Task statement.
The line bearing "ople ipU Xia", together with all lines after it to the end of the material, should be repeated exactly; leave out everything else.

Input for this task.
Lemma glued_ub : (forall f, A f -> qs Fam (fun x => f x <= b)) ->
  (forall Q f, Qs Q -> A f -> {ae Q, forall x, clip a b (f x) <= gs Q x}) ->
  forall f, A f -> qs Fam (fun x => f x <= G x - a).
Proof.
move=> A_le gs_ub f Af.
apply: (qs_le_on_supports hP (mA Af)); first exact: measurable_funB.
move=> Q HQ; have f_le := qs_ae hP (A_le f Af) HQ.
have G_eq := G_gs HQ; have gs_ubf := gs_ub Q f HQ Af.
near=> x => SQx; have -> : G x = gs Q x by apply: (near G_eq x).
by rewrite (le_trans (le_clipB a (near f_le x _))) // lerD2r (near gs_ubf x _).
Unshelve. all: by end_near. Qed.

Lemma glued_least f0 : A f0 -> qs Fam (fun x => - a <= f0 x) ->
  (forall Q, Qs Q -> exists j : nat -> nat -> T -> R, (forall n k, A (j n k)) /\
     forall x y, 0 <= y -> (forall n k, clip a b (j n k x) <= y) -> gs Q x <= y) ->
  forall h, measurable_fun setT h -> (forall f, A f -> qs Fam (fun x => f x <= h x)) ->
  qs Fam (fun x => G x - a <= h x).
Proof.
move=> Af0 f0_ge gs_least h mh h_ub.
apply: (qs_le_on_supports hP) => //; first exact: measurable_funB.
move=> Q HQ; have [j [Aj gs_le]] := gs_least Q HQ.
have h_ge_j : {ae Q, forall x, forall n k, j n k x <= h x}.
  by apply: ae_foralln => n; apply: ae_foralln => k; exact: (qs_ae hP (h_ub _ (Aj n k)) HQ).
have f0_le_h := qs_ae hP (h_ub f0 Af0) HQ; have a_le_f0 := qs_ae hP f0_ge HQ.
have G_eq := G_gs HQ.
near=> x => SQx; have -> : G x = gs Q x by apply: (near G_eq x).
rewrite lerBlDr.
have a_le_h : - a <= h x by rewrite (le_trans (near a_le_f0 x _)) // (near f0_le_h x _).
apply: gs_le; first by rewrite -lerBlDr sub0r.
by move=> n k; rewrite -lerBlDr clipB_le // (near h_ge_j x _).
Unshelve. all: by end_near. Qed.

End glued_supremum.

Lemma gluing_dedekind_complete : gluing_property Fam Qs S -> Linf_dedekind_complete Fam.
Proof.
move=> glue A A_Linf [f0 Af0] [h0 [[_ [b h0_le]] A_le_h0]].
have [_ [a f0_le]] := A_Linf f0 Af0; have mA f : A f -> measurable_fun setT f by case/A_Linf.
pose a' := Num.max a 0; pose b' := Num.max b 0.
have a'0 : 0 <= a' by rewrite le_max lexx orbT.
have b'0 : 0 <= b' by rewrite le_max lexx orbT.
(* clipping makes [A] uniformly bounded and changes no [f] where [f <= h0 <= b] *)
pose cf (f : T -> R) := clip a' b' \o f.
have mcf f : A f -> measurable_fun setT (cf f) by move/mA/(measurable_clip a' b').
have cf_bounds f x : A f -> 0 <= cf f x <= b' + a' by rewrite clip_ge0 ?clip_le.
have [gs gs_sup] := choice (fun Q : probability T R =>
  probability_ess_sup Q (addr_ge0 b'0 a'0) mcf cf_bounds Af0).
have [G [[mG [cG G_le]] G_gs]] : exists G, Linf Fam G /\ forall Q, Qs Q ->
    qs Fam (fun x => G x * \1_(S Q) x = gs Q x * \1_(S Q) x * \1_(S Q) x).
  apply: glue => [Q HQ||Q HQ]; last by apply: qsW => x nSx; rewrite indicE memNset // mulr0.
    have [mgs gs_bounds _ _] := gs_sup Q; split => [|x].
      by apply: measurable_funM => //; exact/measurable_indic/(measurable_support hP HQ).
    by have /andP[? _] := gs_bounds x; rewrite mulr_ge0 // indicE.
  exists (b' + a') => Q HQ; apply: qsW => x; have [_ gs_bounds _ _] := gs_sup Q.
  have /andP[? gsK] := gs_bounds x; rewrite indicE.
  by case: (_ \in _); rewrite ?mulr1 ?mulr0 // addr_ge0.
have G_eq Q : Qs Q -> {ae Q, forall x, S Q x -> G x = gs Q x}.
  move=> HQ; have [mgs _ _ _] := gs_sup Q; have mS := measurable_support hP HQ.
  have mgs1 : measurable_fun setT (fun x => gs Q x * \1_(S Q) x).
    by apply: measurable_funM => //; exact: measurable_indic.
  apply: filterS ((qs_eq_on_supportP hP HQ mG mgs1).1 (G_gs Q HQ)) => x + Sx.
  by move=> /(_ Sx) ->; rewrite indicE mem_set // mulr1.
exists (G \- cst a'); split; [|split].
- split; first exact: measurable_funB.
  exists (cG + a'); apply: qsS G_le => x GcG.
  by rewrite /= (le_trans (ler_normB _ _)) // (ger0_norm a'0) lerD2r.
- apply: (glued_ub (b := b') mA mG G_eq) => [f Af|Q f HQ Af].
    apply: qsS (qs_and (A_le_h0 f Af) h0_le) => x [fh0 h0b].
    by rewrite le_max (le_trans fh0) // (le_trans (ler_norm _)).
  by have [_ _ + _] := gs_sup Q; apply.
- move=> h [mh _] h_ub.
  have f0_ge : qs Fam (fun x => - a' <= f0 x).
    apply: qsS f0_le => x f0a.
    by rewrite lerNl le_max (le_trans _ f0a) // -normrN ler_norm.
  apply: (glued_least (b := b') mG G_eq Af0 f0_ge _ mh h_ub) => Q HQ.
  by have [_ _ _] := gs_sup Q.
Qed.

End proposition3p3.

Theorem proposition3p3 (d : measure_display) (T : measurableType d) (R : realType)
  (Fam Qs : set (probability T R)) (S : probability T R -> set T) :
  sigma_convex Fam -> pre_hahn_localizable Fam Qs S ->
  (hahn_localizable Qs S <-> Linf_dedekind_complete Fam) /\
  (Linf_dedekind_complete Fam <-> gluing_property Fam Qs S).
Proof.
move=> _ hP.
have DC_hahn := dedekind_complete_hahn_localizable hP.
have hahn_glue := hahn_localizable_gluing hP.
have glue_DC := gluing_dedekind_complete hP.
split; split.
- by move/hahn_glue/glue_DC.
- exact: DC_hahn.
- by move/DC_hahn/hahn_glue.
- exact: glue_DC.
Qed.
(* Let $U,W$ be Hilbert spaces, $T: U\rightrightarrows U$, $(\hat u,\hat w)\in\operatorname{graph}T$, $\Xi,N,M\in\mathcal{L}(U;U)$ with $M\ge0$, and $\alpha>0$. Suppose: (i) $N=A^*B$ for some $A,B\in\mathcal{L}(U;W)$; (ii) $\Xi_\alpha:=\alpha^{-1}\Xi-\alpha^{-2}A^*A/4 \le \min\{1,\alpha^{-1}\}M$; (iii) $(M,M-\Xi_\alpha)\in\mathcal{P}(T^{-1}(\hat w),\hat u)$ when $\alpha\in(0,1)$. Then $T$ is $(\Xi_\alpha, B^*B, M)$-partially subregular at $(\hat u,\hat w)$ if it is $(\Xi,N,M)$-partially strongly submonotone at this point. If (iii) does not hold (but (i) and (ii) do), $(\Xi,N,M)$-partial strong submonotonicity at $(\hat u,\hat w)$ still implies $(\alpha\Xi_\alpha,\alpha B^*B,M)$-partial subregularity there.
   Context: For $T\in\mathcal{L}(U;U)$: $\langle x,z\rangle_T:=\langle Tx,z\rangle$, $\|x\|^2_T:=\langle Tx,x\rangle$, $\operatorname{dist}^2_T(z,A):=\inf_{u\in A}\|z-u\|^2_T$ ($\inf\emptyset=+\infty$); $T\ge S$ means $T-S$ positive semidefinite. Partial strong submonotonicity: for $\Xi,N,M$ with $M\ge0$, $T$ is $(\Xi,N,M)$-partially strongly submonotone at $(\hat u,\hat w)$ if there is a neighbourhood $\mathcal{U}\ni\hat u$ with $\inf_{u^*\in T^{-1}(\hat w)}(\langle w-\hat w,u-u^*\rangle_N+\|u-u^*\|^2_{M-\Xi})\ge\operatorname{dist}^2_M(u,T^{-1}(\hat w))$ for all $u\in\mathcal{U}$, $w\in T(u)$. Partial subregularity: for $M,P,N$ with $N\ge0$, $M\ge0$, $M\ge P$, $T$ is $(P,N,M)$-partially subregular at $(\hat u,\hat w)$ if there is a neighbourhood $\mathcal{U}\ni\hat u$ with $\operatorname{dist}^2_N(\hat w,T(u))+\operatorname{dist}^2_{M-P}(u,T^{-1}(\hat w))\ge\operatorname{dist}^2_M(u,T^{-1}(\hat w))$ for all $u\in\mathcal{U}$. $(M,M')\in\mathcal{P}(A,\hat u)$ means there is a neighbourhood $\mathcal{U}'\ni\hat u$ such that each $u\in\mathcal{U}'$ has a common projection onto $A$ with respect to $\|\cdot\|_M$ and $\|\cdot\|_{M'}$. *)

From HB Require Import structures.
From mathcomp Require Import all_boot all_order all_algebra.
From mathcomp Require Import all_classical all_reals all_analysis.
Import Order.TTheory GRing.Theory Num.Theory.
Import numFieldNormedType.Exports.

Set Implicit Arguments.
Unset Strict Implicit.
Unset Printing Implicit Defensive.

Local Open Scope classical_set_scope.
Local Open Scope ring_scope.

Section Defs.
Context {R : realType}.

Definition inner_product {U : normedModType R} (ip : U -> U -> R) : Prop :=
  [/\ forall x y, ip x y = ip y x,
      forall (a : R) x y z, ip (a *: x + y) z = a * ip x z + ip y z &
      forall x, ip x x = `|x| ^+ 2].

Definition bounded_linear {U V : normedModType R} (f : U -> V) : Prop :=
  linear f /\ continuous f.

Definition is_adjoint {U V : normedModType R} (ipU : U -> U -> R)
  (ipV : V -> V -> R) (A : U -> V) (As : V -> U) : Prop :=
  forall u v, ipV (A u) v = ipU u (As v).

Context {U : normedModType R} (ip : U -> U -> R).

Definition opsub (S T : U -> U) : U -> U := fun x => S x - T x.
Definition opscale (a : R) (T : U -> U) : U -> U := fun x => a *: T x.

Definition ipT (T : U -> U) (x z : U) : R := ip (T x) z.
Definition nsq (T : U -> U) (x : U) : R := ip (T x) x.
(* dist^2_T(z, A), with inf of the empty set = +oo *)
Definition dist2 (T : U -> U) (z : U) (A : set U) : \bar R :=
  ereal_inf [set (nsq T (z - u))%:E | u in A].
Definition psd (T : U -> U) : Prop := forall x, 0 <= nsq T x.
Definition ople (S T : U -> U) : Prop := forall x, nsq S x <= nsq T x.

Definition invimg (T : U -> set U) (w : U) : set U := [set u | T u w].

Definition partially_strongly_submonotone (T : U -> set U) (Xi N M : U -> U)
  (uh wh : U) : Prop :=
  psd M /\
  exists V, nbhs uh V /\
    forall u w, V u -> T u w ->
      (dist2 M u (invimg T wh) <=
       ereal_inf [set (ipT N (w - wh) (u - us) + nsq (opsub M Xi) (u - us))%:E
                 | us in invimg T wh])%E.

Definition partially_subregular (T : U -> set U) (P N M : U -> U)
  (uh wh : U) : Prop :=
  [/\ psd N, psd M, ople P M &
  exists V, nbhs uh V /\
    forall u, V u ->
      (dist2 M u (invimg T wh) <=
       dist2 N wh (T u) + dist2 (opsub M P) u (invimg T wh))%E].

Definition is_proj (M : U -> U) (A : set U) (u p : U) : Prop :=
  A p /\ forall a, A a -> nsq M (u - p) <= nsq M (u - a).

Definition common_proj (M M' : U -> U) (A : set U) (uh : U) : Prop :=
  exists V, nbhs uh V /\
    forall u, V u -> exists p, is_proj M A u p /\ is_proj M' A u p.

End Defs.

From HB Require Import structures.
From mathcomp Require Import all_boot all_order all_algebra.
From mathcomp Require Import all_classical all_reals all_analysis.
From mathcomp Require Import lra.
Import Order.TTheory GRing.Theory Num.Theory.
Import numFieldNormedType.Exports.

Set Implicit Arguments.
Unset Strict Implicit.
Unset Printing Implicit Defensive.

Local Open Scope classical_set_scope.
Local Open Scope ring_scope.

(* Write beta = alpha^-1, d = dist^2_M(u, T^-1 wh), x = u - us and y = w - wh.
   Young's inequality beta <A x, B y> <= beta^2/4 |A x|^2 + |B y|^2 turns the
   strong submonotonicity estimate d <= <A x, B y> + |x|^2_M - <Xi x, x> into
     beta (d - |x|^2_M) <= |B y|^2 - |x|^2_{Xi_alpha}.
   Multiplying by alpha gives the second claim.  For alpha >= 1 the first claim
   follows because d - |x|^2_M <= 0 and beta <= 1.  For alpha < 1 take us = p,
   the common projection, where d = |x|^2_M, so |u - p|^2_{Xi_alpha} <= |B y|^2;
   as p also minimises |u - .|^2_{M - Xi_alpha} over T^-1 wh, the right-hand
   side of the subregularity estimate is smallest at us = p. *)

Section InnerProduct.
Context {R : realType} {V : normedModType R} (ip : V -> V -> R).
Hypothesis hip : inner_product ip.

Lemma ipC x y : ip x y = ip y x.
Proof. by case: hip. Qed.

Lemma ip0l z : ip 0 z = 0.
Proof.
case: hip => _ lin _; have := lin 1 0 0 z.
rewrite scale1r addr0 mul1r => h.
by apply: (addrI (ip 0 z)); rewrite addr0 -h.
Qed.

Lemma ipZl a x z : ip (a *: x) z = a * ip x z.
Proof. by case: hip => _ lin _; have := lin a x 0 z; rewrite !addr0 ip0l addr0. Qed.

Lemma ipDl x y z : ip (x + y) z = ip x z + ip y z.
Proof. by case: hip => _ lin _; have := lin 1 x y z; rewrite scale1r mul1r. Qed.

Lemma ipBl x y z : ip (x - y) z = ip x z - ip y z.
Proof. by rewrite ipDl -scaleN1r ipZl mulN1r. Qed.

Lemma ipZr a x z : ip z (a *: x) = a * ip z x.
Proof. by rewrite ipC ipZl ipC. Qed.

Lemma ipBr x y z : ip z (x - y) = ip z x - ip z y.
Proof. by rewrite ipC ipBl !(ipC z). Qed.

Lemma ipNN x : ip (- x) (- x) = ip x x.
Proof. by rewrite -scaleN1r ipZl ipZr !mulN1r opprK. Qed.

Lemma ip_ge0 x : 0 <= ip x x.
Proof. by case: hip => _ _ ->; rewrite exprn_ge0. Qed.

Lemma ip_young k a b : 2 * k * ip a b <= k ^+ 2 * ip a a + ip b b.
Proof.
have := ip_ge0 (k *: a - b).
by rewrite ipBl !ipBr !ipZl !ipZr (ipC b a) => ?; nra.
Qed.

Lemma nsq_opsub (S T : V -> V) x : nsq ip (opsub S T) x = nsq ip S x - nsq ip T x.
Proof. exact: ipBl. Qed.

Lemma nsq_opscale a (T : V -> V) x : nsq ip (opscale a T) x = a * nsq ip T x.
Proof. exact: ipZl. Qed.

Lemma psd_opsub (P M : V -> V) : ople ip P M -> psd ip (opsub M P).
Proof. by move=> PM x; rewrite nsq_opsub subr_ge0. Qed.

End InnerProduct.

Lemma linear_funN {R : realType} {U W : normedModType R} (f : U -> W) :
  linear f -> forall v, f (- v) = - f v.
Proof.
move=> lin v.
have f0 : f 0 = 0.
  have := lin 1 0 0; rewrite !scale1r addr0 => h.
  by apply: (addrI (f 0)); rewrite addr0 -h.
by have := lin (-1) v 0; rewrite addr0 f0 addr0 !scaleN1r.
Qed.

Lemma ereal_inf_EFin_ge0 {R : realType} {T : Type} (S : set T) (h : T -> R) :
  (forall x, S x -> 0 <= h x) -> (0 <= ereal_inf [set (h x)%:E | x in S])%E.
Proof. by move=> h0; apply: le_ereal_inf_tmp => _ [x Sx <-]; rewrite lee_fin h0. Qed.

Lemma lb_ereal_inf_add {R : realType} {T1 T2 : Type} (S1 : set T1) (S2 : set T2)
    (f : T1 -> R) (g : T2 -> R) (d : R) :
  (forall x, S1 x -> 0 <= f x) -> (forall y, S2 y -> 0 <= g y) ->
  (forall x y, S1 x -> S2 y -> d <= f x + g y) ->
  (d%:E <= ereal_inf [set (f x)%:E | x in S1] + ereal_inf [set (g y)%:E | y in S2])%E.
Proof.
move=> f0 g0 dfg; have If0 := ereal_inf_EFin_ge0 f0.
have := ereal_inf_EFin_ge0 g0; case Ig: (ereal_inf _) => [r| |] // _.
  rewrite -leeBlDr // -EFinB; apply: le_ereal_inf_tmp => _ [x S1x <-].
  rewrite lee_fin lerBlDr addrC -lerBlDr -lee_fin -Ig.
  by apply: le_ereal_inf_tmp => _ [y S2y <-]; rewrite lee_fin lerBlDl dfg.
by rewrite addey ?leey // gt_eqF // (lt_le_trans (ltNyr 0) If0).
Qed.

Section SquaredDistance.
Context {R : realType} {U : normedModType R} (ip : U -> U -> R) (M : U -> U).
Context (A : set U).

Lemma dist2_le u a : A a -> (dist2 ip M u A <= (nsq ip M (u - a))%:E)%E.
Proof. by move=> Aa; apply: ereal_inf_lbound; exists a. Qed.

Lemma dist2_ge0 u : psd ip M -> (0 <= dist2 ip M u A)%E.
Proof. by move=> M0; apply: ereal_inf_EFin_ge0 => a _. Qed.

Lemma dist2_fin_num u a : psd ip M -> A a -> dist2 ip M u A \is a fin_num.
Proof.
move=> M0 Aa; rewrite ge0_fin_numE ?dist2_ge0 //.
exact: le_lt_trans (dist2_le u Aa) (ltry _).
Qed.

Lemma fine_dist2_le u a : psd ip M -> A a -> fine (dist2 ip M u A) <= nsq ip M (u - a).
Proof. by move=> M0 Aa; rewrite -lee_fin fineK ?(dist2_fin_num u M0 Aa) ?dist2_le. Qed.

Lemma dist2_is_proj u p : is_proj ip M A u p -> dist2 ip M u A = (nsq ip M (u - p))%:E.
Proof.
case=> Ap p_min; apply/eqP; rewrite eq_le dist2_le //=.
by apply: le_ereal_inf_tmp => _ [a Aa <-]; rewrite lee_fin p_min.
Qed.

End SquaredDistance.

Section PartialRegularity.
Context {R : realType} {U : normedModType R} (ip : U -> U -> R).
Hypothesis hip : inner_product ip.
Variables (T : U -> set U) (uh wh : U).
Local Notation S := (invimg T wh).
Hypothesis hgraph : S uh.

Lemma submonotone_dist2_le (Xi N M : U -> U) :
  partially_strongly_submonotone ip T Xi N M uh wh ->
  exists2 V, nbhs uh V & forall u w us, V u -> T u w -> S us ->
    fine (dist2 ip M u S) <= ipT ip N (w - wh) (u - us) + nsq ip (opsub M Xi) (u - us).
Proof.
move=> [M0 [V [nV hV]]]; exists V => [//|u w us Vu Tw Sus].
rewrite -lee_fin (fineK (dist2_fin_num u M0 hgraph)).
by apply: le_trans (hV u w Vu Tw) _; apply: ereal_inf_lbound; exists us.
Qed.

Lemma partially_subregular_intro (P N M : U -> U) :
  psd ip N -> psd ip M -> ople ip P M ->
  (exists2 V, nbhs uh V & forall u w us, V u -> T u w -> S us ->
    fine (dist2 ip M u S) <= nsq ip N (wh - w) + nsq ip (opsub M P) (u - us)) ->
  partially_subregular ip T P N M uh wh.
Proof.
move=> N0 M0 PM [V nV hV]; split => //; exists V; split => // u Vu.
rewrite -(fineK (dist2_fin_num u M0 hgraph)).
apply: lb_ereal_inf_add => [w _ | us _ | w us Tw Sus]; first exact: N0.
  exact: psd_opsub.
exact: hV.
Qed.

End PartialRegularity.

Section SubmonotoneSubregular.
Context {R : realType} {U W : normedModType R}.
Variables (ipU : U -> U -> R) (ipW : W -> W -> R).
Hypotheses (hU : inner_product ipU) (hW : inner_product ipW).
Variables (T : U -> set U) (uh wh : U) (Xi N M : U -> U) (alpha : R).
Variables (A B : U -> W) (As Bs : W -> U).
Local Notation S := (invimg T wh).
Local Notation BsB := (fun u => Bs (B u)).
Hypotheses (hgraph : S uh) (hMpsd : psd ipU M) (halpha : 0 < alpha) (hB : linear B).
Hypotheses (hAs : is_adjoint ipU ipW A As) (hBs : is_adjoint ipU ipW B Bs).
Hypothesis hNAB : forall u, N u = As (B u).

Definition Xi_alpha : U -> U := fun u => alpha^-1 *: Xi u - (alpha ^- 2 / 4) *: As (A u).

Hypothesis hXi_alpha : ople ipU Xi_alpha (opscale (Num.min 1 alpha^-1) M).

Lemma nsq_BsB y : nsq ipU BsB y = ipW (B y) (B y).
Proof. by rewrite /nsq (ipC hU) -hBs. Qed.

Lemma nsq_BsB_subC w : nsq ipU BsB (wh - w) = ipW (B (w - wh)) (B (w - wh)).
Proof. by rewrite nsq_BsB -opprB (linear_funN hB) (ipNN hW). Qed.

Lemma psd_BsB : psd ipU BsB.
Proof. by move=> y; rewrite nsq_BsB ip_ge0. Qed.

Lemma nsq_Xi_alpha x :
  nsq ipU Xi_alpha x = alpha^-1 * ipU (Xi x) x - alpha^-2 / 4 * ipW (A x) (A x).
Proof. by rewrite /nsq (ipBl hU) !(ipZl hU) [ipU (As _) x](ipC hU) -hAs. Qed.

Lemma Xi_alpha_young x y :
  alpha^-1 * (ipW (A x) (B y) - ipU (Xi x) x) <= ipW (B y) (B y) - nsq ipU Xi_alpha x.
Proof.
have := ip_young hW (alpha^-1 / 2) (A x) (B y).
by rewrite nsq_Xi_alpha -exprVn => ?; nra.
Qed.

Lemma Xi_alpha_le : ople ipU Xi_alpha M.
Proof.
move=> x; apply: le_trans (hXi_alpha x) _.
by rewrite nsq_opscale // ler_piMl // ge_min lexx.
Qed.

Lemma opscale_Xi_alpha_le : ople ipU (opscale alpha Xi_alpha) M.
Proof.
move=> x; have min_le : Num.min 1 alpha^-1 <= alpha^-1 by rewrite ge_min lexx orbT.
have := hXi_alpha x; rewrite !nsq_opscale // => /le_trans/(_ (ler_wpM2r (hMpsd x) min_le)).
move/(ler_wpM2l (ltW halpha))/le_trans; apply.
by rewrite mulrA mulfV ?lt0r_neq0 // mul1r.
Qed.

Lemma submonotone_Xi_alpha_bound :
  partially_strongly_submonotone ipU T Xi N M uh wh ->
  exists2 V, nbhs uh V & forall u w us, V u -> T u w -> S us ->
    alpha^-1 * (fine (dist2 ipU M u S) - nsq ipU M (u - us))
      <= ipW (B (w - wh)) (B (w - wh)) - nsq ipU Xi_alpha (u - us).
Proof.
move=> hsub; have [V nV hV] := submonotone_dist2_le hgraph hsub.
exists V => [//|u w us Vu Tw Sus]; apply: le_trans (Xi_alpha_young _ _).
apply: ler_wpM2l; first by rewrite invr_ge0 ltW.
have := hV u w us Vu Tw Sus; rewrite nsq_opsub // /nsq /ipT hNAB (ipC hU) -hAs.
lra.
Qed.

Lemma subregular_Xi_alpha :
  (alpha < 1 -> common_proj ipU M (opsub M Xi_alpha) S uh) ->
  partially_strongly_submonotone ipU T Xi N M uh wh ->
  partially_subregular ipU T Xi_alpha BsB M uh wh.
Proof.
move=> hproj hsub; have [V nV hV] := submonotone_Xi_alpha_bound hsub.
apply: partially_subregular_intro => //; [exact: psd_BsB | exact: Xi_alpha_le |].
have [alpha_lt1|alpha_ge1] := ltP alpha 1.
- have [V' [nV' hV']] := hproj alpha_lt1.
  exists (V `&` V'); first exact: filterI.
  move=> u w us [Vu V'u] Tw Sus; have [p [pM pMX]] := hV' u V'u.
  have := hV u w p Vu Tw pM.1; rewrite (dist2_is_proj pM) /= subrr mulr0 subr_ge0.
  have := pMX.2 us Sus; rewrite nsq_BsB_subC !nsq_opsub //.
  lra.
- exists V => [//|u w us Vu Tw Sus].
  have := fine_dist2_le u hMpsd Sus; have := hV u w us Vu Tw Sus.
  have : alpha^-1 <= 1 by rewrite invf_le1.
  have : 0 < alpha^-1 by rewrite invr_gt0.
  rewrite nsq_BsB_subC nsq_opsub //.
  nra.
Qed.

Lemma subregular_opscale_Xi_alpha :
  partially_strongly_submonotone ipU T Xi N M uh wh ->
  partially_subregular ipU T (opscale alpha Xi_alpha) (opscale alpha BsB) M uh wh.
Proof.
move=> hsub; have [V nV hV] := submonotone_Xi_alpha_bound hsub.
apply: partially_subregular_intro => //; [|exact: opscale_Xi_alpha_le|].
  by move=> y; rewrite nsq_opscale //; apply: mulr_ge0; [exact: ltW | exact: psd_BsB].
exists V => [//|u w us Vu Tw Sus].
have := hV u w us Vu Tw Sus.
rewrite -(ler_pM2l halpha) mulrA mulfV ?lt0r_neq0 // mul1r.
rewrite nsq_opscale // nsq_BsB_subC nsq_opsub // nsq_opscale //.
nra.
Qed.

End SubmonotoneSubregular.

Theorem lemma4p9 (R : realType) (U W : completeNormedModType R)
  (ipU : U -> U -> R) (ipW : W -> W -> R)
  (hU : inner_product ipU) (hW : inner_product ipW)
  (T : U -> set U) (uh wh : U) (hgraph : T uh wh)
  (Xi N M : U -> U)
  (hXi : bounded_linear Xi) (hN : bounded_linear N) (hM : bounded_linear M)
  (hMpsd : psd ipU M)
  (alpha : R) (halpha : 0 < alpha)
  (A B : U -> W) (As Bs : W -> U)
  (hA : bounded_linear A) (hB : bounded_linear B)
  (hAs : is_adjoint ipU ipW A As) (hBs : is_adjoint ipU ipW B Bs)
  (hNAB : forall u, N u = As (B u)) :
  let Xia : U -> U := fun u => alpha^-1 *: Xi u - (alpha ^- 2 / 4) *: As (A u) in
  ople ipU Xia (opscale (Num.min 1 alpha^-1) M) ->
  ((alpha < 1 -> common_proj ipU M (opsub M Xia) (invimg T wh) uh) ->
     partially_strongly_submonotone ipU T Xi N M uh wh ->
     partially_subregular ipU T Xia (fun u => Bs (B u)) M uh wh)
  /\
  (partially_strongly_submonotone ipU T Xi N M uh wh ->
     partially_subregular ipU T (opscale alpha Xia)
       (opscale alpha (fun u => Bs (B u))) M uh wh).
Proof.
move=> Xia hXia; split.
- exact: (subregular_Xi_alpha hU hW hgraph hMpsd halpha hB.1 hAs hBs hNAB hXia).
- exact: (subregular_opscale_Xi_alpha hU hW hgraph hMpsd halpha hB.1 hAs hBs hNAB hXia).
Qed.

Solution below.
  ople ipU Xia (opscale (Num.min 1 alpha^-1) M) ->
  ((alpha < 1 -> common_proj ipU M (opsub M Xia) (invimg T wh) uh) ->
     partially_strongly_submonotone ipU T Xi N M uh wh ->
     partially_subregular ipU T Xia (fun u => Bs (B u)) M uh wh)
  /\
  (partially_strongly_submonotone ipU T Xi N M uh wh ->
     partially_subregular ipU T (opscale alpha Xia)
       (opscale alpha (fun u => Bs (B u))) M uh wh).
Proof.
move=> Xia hXia; split.
- exact: (subregular_Xi_alpha hU hW hgraph hMpsd halpha hB.1 hAs hBs hNAB hXia).
- exact: (subregular_opscale_Xi_alpha hU hW hgraph hMpsd halpha hB.1 hAs hBs hNAB hXia).
Qed.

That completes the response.